Faudree comes to Brown from the University of Chicago, where she was an assistant professor in the social sciences. She earned her Ph.D. in linguistic anthropology at the University of Pennsylvania, where she also took a Master of Arts in anthropology and folklore. The poet-playwright turned anthropologist has many academic grants and awards to her credit, including a Fulbright-Hays Dissertation Research Fellowship, a dissertation fellowship from the Social Sciences Research Council, a grant from the New York Foundation for the Arts, and residencies at numerous artist colonies.

- Molly de Ramel

Francoise Hamlin

Assistant Professor of Africana Studies and History

Francoise Nicole Hamlin is Brown's newest assistant professor of Africana studies. She earned her bachelor's and master's degrees in England - a B.A. at the University of Essex and an M.A. at the University of London - both in U.S. studies. She went on to Yale University, where she earned a Ph.D. in African American and American studies in 2004. Her fields of interest include U.S. 20th-century history, American culture, African American history and culture, and African American women's history and culture.

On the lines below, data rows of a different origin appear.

(* Let $b\ge 2$ be an integer and $d\in\{0,1,\dots,b-1\}$. For $i\ge1$ put $\gamma_i=\sum_{0\le a<b,\ a\ne d}a^i$. Define $u_{0;0}=b$ and, for $m\ge1$, define $u_{0;m}$ recursively by $$(b^{m+1}-b+1)\,u_{0;m}=\sum_{i=1}^{m}\binom{m}{i}\gamma_i\,u_{0;m-i}.$$ For $j\ge1$ and $m\ge0$ define $u_{j;m}$ recursively by $$(b^{m+1}-b+1)\,u_{j;m}=\sum_{i=1}^{m}\binom{m}{i}\gamma_i\,u_{j;m-i}+\sum_{i=0}^{m}\binom{m}{i}d^i\,u_{j-1;m-i}$$ (with the convention $0^0=1$). In particular $u_{j;0}=b$ for all $j\ge0$. Then for every $k\ge0$ and every $l\ge1$, $$H^{(k)}=\sum_{\substack{0<n<b^{l-1}\\ k(n)=k}}\frac1n\;+\;b\sum_{\substack{b^{l-1}\le n<b^{l}\\ k(n)\le k}}\frac1n\;+\;\sum_{m=1}^{\infty}(-1)^m\sum_{\substack{b^{l-1}\le n<b^{l}\\ k(n)\le k}}\frac{u_{k-k(n);m}}{n^{m+1}}.$$ Moreover, the numbers $u_{j;m}$ ($j\ge0$, $m\ge1$) satisfy: (i) $u_{j;m}\ge0$, with $u_{j;m}=0$ only if $j=0$, $b=2$ and $d=1$; (ii) for all $j\ge 0$, $m\ge0$: $u_{j;m+1}\le u_{j;m}$, with strict inequality unless both are $0$; (iii) for each fixed $m\ge1$, the sequence $(u_{j;m})_{j\ge0}$ is strictly increasing and converges to $b/(m+1)$.
   Context: For an integer $n\ge0$, its (minimal) base-$b$ representation is the string of base-$b$ digits of $n$ without leading zeros (the empty string for $n=0$); $k(n)$ denotes the number of occurrences of the digit $d$ in this representation. For $k\ge0$, the Irwin sum is $H^{(k)}=\sum_{n\ge1,\ k(n)=k}1/n$ (a convergent series of positive terms; it equals $0$ when $b=2$, $d=1$, $k=0$, the series being empty). *)

From Stdlib Require Import Reals Lra Lia Arith List.
From Coquelicot Require Import Coquelicot.
Import ListNotations.
Open Scope R_scope.

(** Number of occurrences of the digit [d] in the minimal base-[b]
    representation of [n] (no leading zeros; empty string for n = 0).
    The fuel [n] is sufficient when [b >= 2]. *)
Fixpoint dcount_aux (fuel b d n : nat) : nat :=
  match fuel with
  | O => O
  | S f => if Nat.eqb n 0 then O
           else ((if Nat.eqb (n mod b) d then 1 else 0) + dcount_aux f b d (n / b))%nat
  end.

Definition dcount (b d n : nat) : nat := dcount_aux n b d n.

Definition irwin_term (b d k n : nat) : R :=
  if andb (Nat.leb 1 n) (Nat.eqb (dcount b d n) k) then / INR n else 0.

Definition irwin_sum (b d k : nat) : R := Series (irwin_term b d k).

Definition fsum (lo hi : nat) (f : nat -> R) : R :=
  fold_right Rplus 0 (map f (seq lo (hi - lo))).

Definition gamma (b d i : nat) : R :=
  fold_right Rplus 0 (map (fun a => if Nat.eqb a d then 0 else INR a ^ i) (seq 0 b)).

(** [ulist b d prev base m] = [u_m; u_(m-1); ...; u_0] for one row of the
    recursion.  If [base] is true this is the row j = 0 (u_{0;0} = b and no
    contribution from a previous row); otherwise [prev] is the row j-1 and
    (b^(m+1)-b+1) u_m = sum_{i=1}^m C(m,i) gamma_i u_(m-i)
                         + sum_{i=0}^m C(m,i) d^i prev(m-i)
    (with 0^0 = 1, as for Stdlib's [pow]). *)
Fixpoint ulist (b d : nat) (prev : nat -> R) (base : bool) (m : nat) : list R :=
  match m with
  | O => [ if base then INR b else prev O / (INR b ^ 1 - INR b + 1) ]
  | S m' =>
      let L := ulist b d prev base m' in
      let s1 := sum_f_R0 (fun k => Binomial.C m (S k) * gamma b d (S k) * nth k L 0) m' in
      let s2 := if base then 0
                else sum_f_R0 (fun i => Binomial.C m i * INR d ^ i * prev (m - i)%nat) m in
      ((s1 + s2) / (INR b ^ (S m) - INR b + 1)) :: L
  end.

Fixpoint u (b d j : nat) : nat -> R :=
  match j with
  | O => fun m => nth 0 (ulist b d (fun _ => 0) true m) 0
  | S j' => fun m => nth 0 (ulist b d (u b d j') false m) 0
  end.

(* Write n = n0 * b^r + t with b^(l-1) <= n0 < b^l and t < b^r: then k(n) = k(n0) + c_r(t),
   where c_r(t) counts the digit d among the r low digits of t.  Summing 1/n over such n
   gives the integral of 1/(n0 + x) against the measure mu_j (j = k - k(n0)) carrying mass
   b^-r at each grid point t / b^r with c_r(t) = j.  Splitting off the leading digit shows
   that the moments of mu_j obey the recurrence defining u_{j;m}, so u_{j;m} = int x^m dmu_j,
   and expanding 1/(n0 + x) geometrically yields the formula.  The same recurrence, compared
   with its solution b/(m+1) (the moments of b times Lebesgue measure on [0,1]), gives the
   positivity, the monotonicity in j and the limit; monotonicity in m comes from x^(m+1) <= x^m
   on [0,1], strictly away from the point 1 which no mu_j charges. *)

From Stdlib Require Import Reals Lra Lia Arith List.
From Coquelicot Require Import Coquelicot.
Open Scope R_scope.

Fixpoint sumR (n : nat) (f : nat -> R) : R :=
  match n with O => 0 | S n' => sumR n' f + f n' end.

Lemma sumR_ext n f g : (forall i, (i < n)%nat -> f i = g i) -> sumR n f = sumR n g.
Proof.
  induction n as [|n IH]; intros H; simpl; [reflexivity|].
  rewrite IH, H by first [lia | intros; apply H; lia]; reflexivity.
Qed.

Lemma sumR_plus n f g : sumR n (fun i => f i + g i) = sumR n f + sumR n g.
Proof. induction n as [|n IH]; simpl; [lra|]. rewrite IH; lra. Qed.

Lemma sumR_minus n f g : sumR n (fun i => f i - g i) = sumR n f - sumR n g.
Proof. induction n as [|n IH]; simpl; [lra|]. rewrite IH; lra. Qed.

Lemma sumR_scal_l n c f : sumR n (fun i => c * f i) = c * sumR n f.
Proof. induction n as [|n IH]; simpl; [lra|]. rewrite IH; lra. Qed.

Lemma sumR_eq0 n f : (forall i, (i < n)%nat -> f i = 0) -> sumR n f = 0.
Proof.
  induction n as [|n IH]; intros H; simpl; [reflexivity|].
  rewrite IH, H by first [lia | intros; apply H; lia]; lra.
Qed.

Lemma sumR_le n f g : (forall i, (i < n)%nat -> f i <= g i) -> sumR n f <= sumR n g.
Proof.
  induction n as [|n IH]; intros H; simpl; [lra|].
  apply Rplus_le_compat; [apply IH; intros; apply H|apply H]; lia.
Qed.

Lemma sumR_nonneg n f : (forall i, (i < n)%nat -> 0 <= f i) -> 0 <= sumR n f.
Proof.
  intros H. rewrite <- (sumR_eq0 n (fun _ => 0)) by reflexivity. now apply sumR_le.
Qed.
(* Let $t_1$, $\ell_1$, $t_2$, and $\ell_2$ be positive integers. If $\ell_1 < 2t_1$, then there are only finitely many matroids (up to isomorphism) with the $(t_1,\ell_1,t_2,\ell_2)$-property. The same is true if $\ell_2 < 2t_2$.
   Context: A matroid has the $(t_1,\ell_1,t_2,\ell_2)$-property if every $t_1$-element subset of its ground set is contained in an $\ell_1$-element circuit, and every $t_2$-element subset of its ground set is contained in an $\ell_2$-element cocircuit. *)

From mathcomp Require Import all_boot.
Set Implicit Arguments. Unset Strict Implicit. Unset Printing Implicit Defensive.

Record matroid (T : finType) := Matroid {
  indep : {set {set T}};
  indep_set0 : set0 \in indep;
  indep_sub : forall A B : {set T}, B \in indep -> A \subset B -> A \in indep;
  indep_aug : forall A B : {set T}, A \in indep -> B \in indep -> #|A| < #|B| ->
    exists2 x, x \in B :\: A & x |: A \in indep
}.

Section MatroidNotions.
Variables (T : finType) (M : matroid T).

Definition is_basis (B : {set T}) : bool := maxset (mem (indep M)) B.

Definition is_circuit (C : {set T}) : bool := minset (fun D => D \notin indep M) C.

(* independent sets of the dual matroid M^* : sets avoiding some basis of M *)
Definition coindep (A : {set T}) : bool := [exists B, is_basis B && [disjoint A & B]].

Definition is_cocircuit (C : {set T}) : bool := minset (fun D => ~~ coindep D) C.

Definition tl_property (t1 l1 t2 l2 : nat) : Prop :=
  (forall X : {set T}, #|X| = t1 ->
     exists C : {set T}, [/\ is_circuit C, #|C| = l1 & X \subset C]) /\
  (forall X : {set T}, #|X| = t2 ->
     exists C : {set T}, [/\ is_cocircuit C, #|C| = l2 & X \subset C]).

End MatroidNotions.

Definition matroid_iso (T1 T2 : finType) (M1 : matroid T1) (M2 : matroid T2) : Prop :=
  exists f : T1 -> T2, bijective f /\
    forall A : {set T1}, (A \in indep M1) = (f @: A \in indep M2).

Definition any_matroid := {T : finType & matroid T}.

(* A circuit never meets a cocircuit in exactly one element.  So if [t]
   pairwise disjoint cocircuits exist, a circuit through a [t]-set meeting all
   of them has at least [2 t] elements, which is impossible when [l1 < 2 t1].
   Such cocircuits exist in every large matroid with the property: the
   [l2]-element cocircuits cover the ground set, so a sunflower-type argument
   gives many of them that are pairwise disjoint outside a core [K] with
   [#|K| <= l2]; by submodularity of the dual rank, any [#|K| + 1] of them have
   a codependent union outside [K], which therefore contains a cocircuit.
   The argument only uses a submodular, monotone rank function bounded by
   cardinality, so it applies verbatim to the dual matroid and covers the case
   [l2 < 2 t2].  Ground sets of bounded size carry finitely many matroids up to
   isomorphism. *)

From mathcomp Require Import all_boot zify.
From Stdlib Require List.
From Stdlib Require Import ClassicalEpsilon.
Set Implicit Arguments. Unset Strict Implicit. Unset Printing Implicit Defensive.

Section Rank.
Variables (T : finType) (M : matroid T).
Implicit Types X Y I J : {set T}.

Definition rk X := \max_(I | (I \in indep M) && (I \subset X)) #|I|.

Lemma rk_witness X : exists2 I, (I \in indep M) && (I \subset X) & #|I| = rk X.
Proof.
pose P I := (I \in indep M) && (I \subset X).
have P0 : P set0 by rewrite /P indep_set0 sub0set.
by rewrite /rk (bigmax_eq_arg (P := P) _ P0); case: arg_maxnP => // I PI _; exists I.
Qed.

Lemma indep_card_le_rk I X : I \in indep M -> I \subset X -> #|I| <= rk X.
Proof.
move=> iI sIX.
by apply: (leq_bigmax_cond (P := fun I => (I \in indep M) && (I \subset X))); rewrite iI.
Qed.

Lemma rk_le_card X : rk X <= #|X|.
Proof. by apply/bigmax_leqP => I /andP[_]; apply: subset_leq_card. Qed.

Lemma rk_mono X Y : X \subset Y -> rk X <= rk Y.
Proof.
move=> sXY; have [I /andP[iI sIX] <-] := rk_witness X.
exact: indep_card_le_rk iI (subset_trans sIX sXY).
Qed.

Lemma notin_indep_rkE X : (X \notin indep M) = (rk X < #|X|).
Proof.
rewrite ltn_neqAle rk_le_card andbT; congr negb; apply/idP/eqP => [iX|].
  by apply/eqP; rewrite eqn_leq rk_le_card indep_card_le_rk.
have [I /andP[iI sIX] <-] := rk_witness X; move=> eIX.
suff -> : X = I by [].
by apply/eqP; rewrite eq_sym eqEcard sIX -eIX /=.
Qed.

Lemma rk_maximal_indep X J :
  J \in indep M -> J \subset X ->
  (forall x, x \in X -> x |: J \in indep M -> x \in J) -> #|J| = rk X.
Proof.
move=> iJ sJX maxJ; apply/eqP; rewrite eqn_leq indep_card_le_rk //= leqNgt.
apply/negP => ltJ; have [I /andP[iI sIX] eI] := rk_witness X.
have [x /setDP[xI xJ] ixJ] := indep_aug iJ iI (leq_trans ltJ (eq_leq (esym eI))).
by rewrite maxJ ?(subsetP sIX) in xJ.
Qed.

Lemma rk_extend I X : I \in indep M -> I \subset X ->
  exists J, [/\ J \in indep M, I \subset J, J \subset X & #|J| = rk X].
Proof.
move=> iI sIX; pose P J := [&& J \in indep M, I \subset J & J \subset X].
have PI : P I by rewrite /P iI subxx sIX.
have [J maxJ _] := maxset_exists PI.
have /and3P[iJ sIJ sJX] := maxsetp maxJ.
exists J; split=> //; apply: rk_maximal_indep => // x xX ixJ.
have PxJ : P (x |: J).
  by rewrite /P ixJ (subset_trans sIJ (subsetUr _ _)) subUset sub1set xX sJX.
by rewrite -(maxsetsup maxJ PxJ (subsetUr _ _)) setU11.
Qed.

Lemma rk_submod X Y : rk (X :|: Y) + rk (X :&: Y) <= rk X + rk Y.
Proof.
have [I /andP[iI sIXY] eI] := rk_witness (X :&: Y).
have sIU : I \subset X :|: Y.
  by apply: subset_trans sIXY (subset_trans (subsetIl X Y) (subsetUl X Y)).
have [J [iJ sIJ sJ <-]] := rk_extend iI sIU.
have rkJX : #|J :&: X| <= rk X.
  by apply: indep_card_le_rk (subsetIr _ _); apply: indep_sub iJ (subsetIl _ _).
have rkJY : #|J :&: Y| <= rk Y.
  by apply: indep_card_le_rk (subsetIr _ _); apply: indep_sub iJ (subsetIl _ _).
have cardI : #|I| <= #|J :&: X :&: Y|.
  by apply: subset_leq_card; rewrite -setIA subsetI sIJ.
have cardJ : #|J :&: X| + #|J :&: Y| = #|J| + #|J :&: X :&: Y|.
  by rewrite -cardsUI -setIUr (setIidPl sJ) setIACA setIid setIA.
apply: leq_trans (leq_add rkJX rkJY); rewrite cardJ -eI leq_add2l //.
Qed.

Lemma rk_setU_card X Y : rk (X :|: Y) <= rk X + #|Y|.
Proof.
apply: leq_trans (leq_addr (rk (X :&: Y)) _) _.
by apply: leq_trans (rk_submod X Y) _; rewrite leq_add2l rk_le_card.
Qed.

Lemma basis_card B : is_basis M B -> #|B| = rk setT.
Proof.
case/maxsetP => iB maxB; apply: rk_maximal_indep iB (subsetT _) _ => x _ ixB.
by rewrite -(maxB _ ixB (subsetUr _ _)) setU11.
Qed.

Lemma coindepE A : coindep M A = (rk (~: A) == rk setT).
Proof.
apply/existsP/eqP => [[B /andP[bB dAB]]|eA].
  apply/eqP; rewrite eqn_leq rk_mono ?subsetT //= -(basis_card bB).
  by apply: indep_card_le_rk (maxsetp bB) _; rewrite -disjoints_subset disjoint_sym.
have [J /andP[iJ sJ] eJ] := rk_witness (~: A).
exists J; rewrite disjoint_sym disjoints_subset sJ andbT.
apply/maxsetP; split=> // B iB sJB; apply/eqP; rewrite eq_sym eqEcard sJB /=.
by rewrite eJ eA indep_card_le_rk ?subsetT.
Qed.

Definition dual_rk X := #|X| + rk (~: X) - rk setT.

Lemma rk_setT_le X : rk setT <= #|X| + rk (~: X).
Proof. by rewrite addnC -(setUCr (~: X)) setCK rk_setU_card. Qed.

Lemma notcoindep_dual_rkE X : (~~ coindep M X) = (dual_rk X < #|X|).
Proof.
rewrite coindepE /dual_rk eqn_leq rk_mono ?subsetT //=.
by have := rk_setT_le X; lia.
Qed.

Lemma dual_rk_le_card X : dual_rk X <= #|X|.
Proof. by rewrite /dual_rk; have := rk_mono (subsetT (~: X)); lia. Qed.

Lemma dual_rk_mono X Y : X \subset Y -> dual_rk X <= dual_rk Y.
Proof.
move=> sXY; have sCX : ~: X \subset ~: Y :|: (Y :\: X).
  by apply/subsetP => z; rewrite !inE; case: (z \in X); case: (z \in Y).
have := leq_trans (rk_mono sCX) (rk_setU_card _ _).
rewrite cardsDS // /dual_rk; have := rk_setT_le X; have := subset_leq_card sXY.
lia.
Qed.

Lemma dual_rk_submod X Y :
  dual_rk (X :|: Y) + dual_rk (X :&: Y) <= dual_rk X + dual_rk Y.
Proof.
have := rk_submod (~: X) (~: Y); rewrite -setCI -setCU /dual_rk.
have := cardsUI X Y; have := rk_setT_le (X :|: Y); have := rk_setT_le (X :&: Y).
lia.
Qed.

End Rank.
Lemma exploit_gap k : grid_price k <= v -> ((grid <= S k)%nat \/ v < grid_price (S k)) ->
  v - grid_price k <= / INR grid.
Proof.
  rewrite grid_price_succ. intros Hk [Hgrid|Hgap]; [|lra].
  apply grid_price_le in Hgrid. rewrite grid_price_grid, grid_price_succ in Hgrid. lra.
Qed.

Ltac unfold_round :=
  unfold round_progress, corrupted, posted_price, posted_index, step;
  cbn [node stage rejections].

Ltac split_conditions :=
  cbn [andb orb Bool.eqb];
  repeat (match goal with
          | |- context [Nat.leb ?a ?b] => destruct (Nat.leb_spec a b)
          | |- context [Nat.eqb ?a ?b] => destruct (Nat.eqb_spec a b)
          | |- context [if ?b then _ else _] => destruct b
          end; cbn [andb orb Bool.eqb]; cbv beta iota zeta).

Ltac potential_arith :=
  split_conditions;
  unfold potential; cbn [node stage rejections length deviation];
  repeat match goal with
         | H : deviation _ = _ |- _ => rewrite H
         | H : certs_left _ = _ |- _ => rewrite H
         | H : true_bit _ = _ |- _ => rewrite H
         end;
  rewrite ?length_tl; unfold correct_depth, bonus;
  split_conditions; lia.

Her award-winning dissertation, The Book Hasn't Closed, The Story Isn't Finished': Continuing Histories of the Civil Rights Movement, looks at the movement through a local study in Coahoma County, Miss. from 1951 to 1999.

Hamlin has published articles about African American women in the movement in Proteus: A Journal of Ideas and in the edited volume, Mississippi Women. She has also published an article about the role of oral history in research and writing in Sound Historian. Other publications include book reviews and encyclopedia entries. She has presented her work at national and international conferences and has won numerous awards including her most recent, the Franklin L. Riley Dissertation Prize from the Mississippi Historical Society in 1996.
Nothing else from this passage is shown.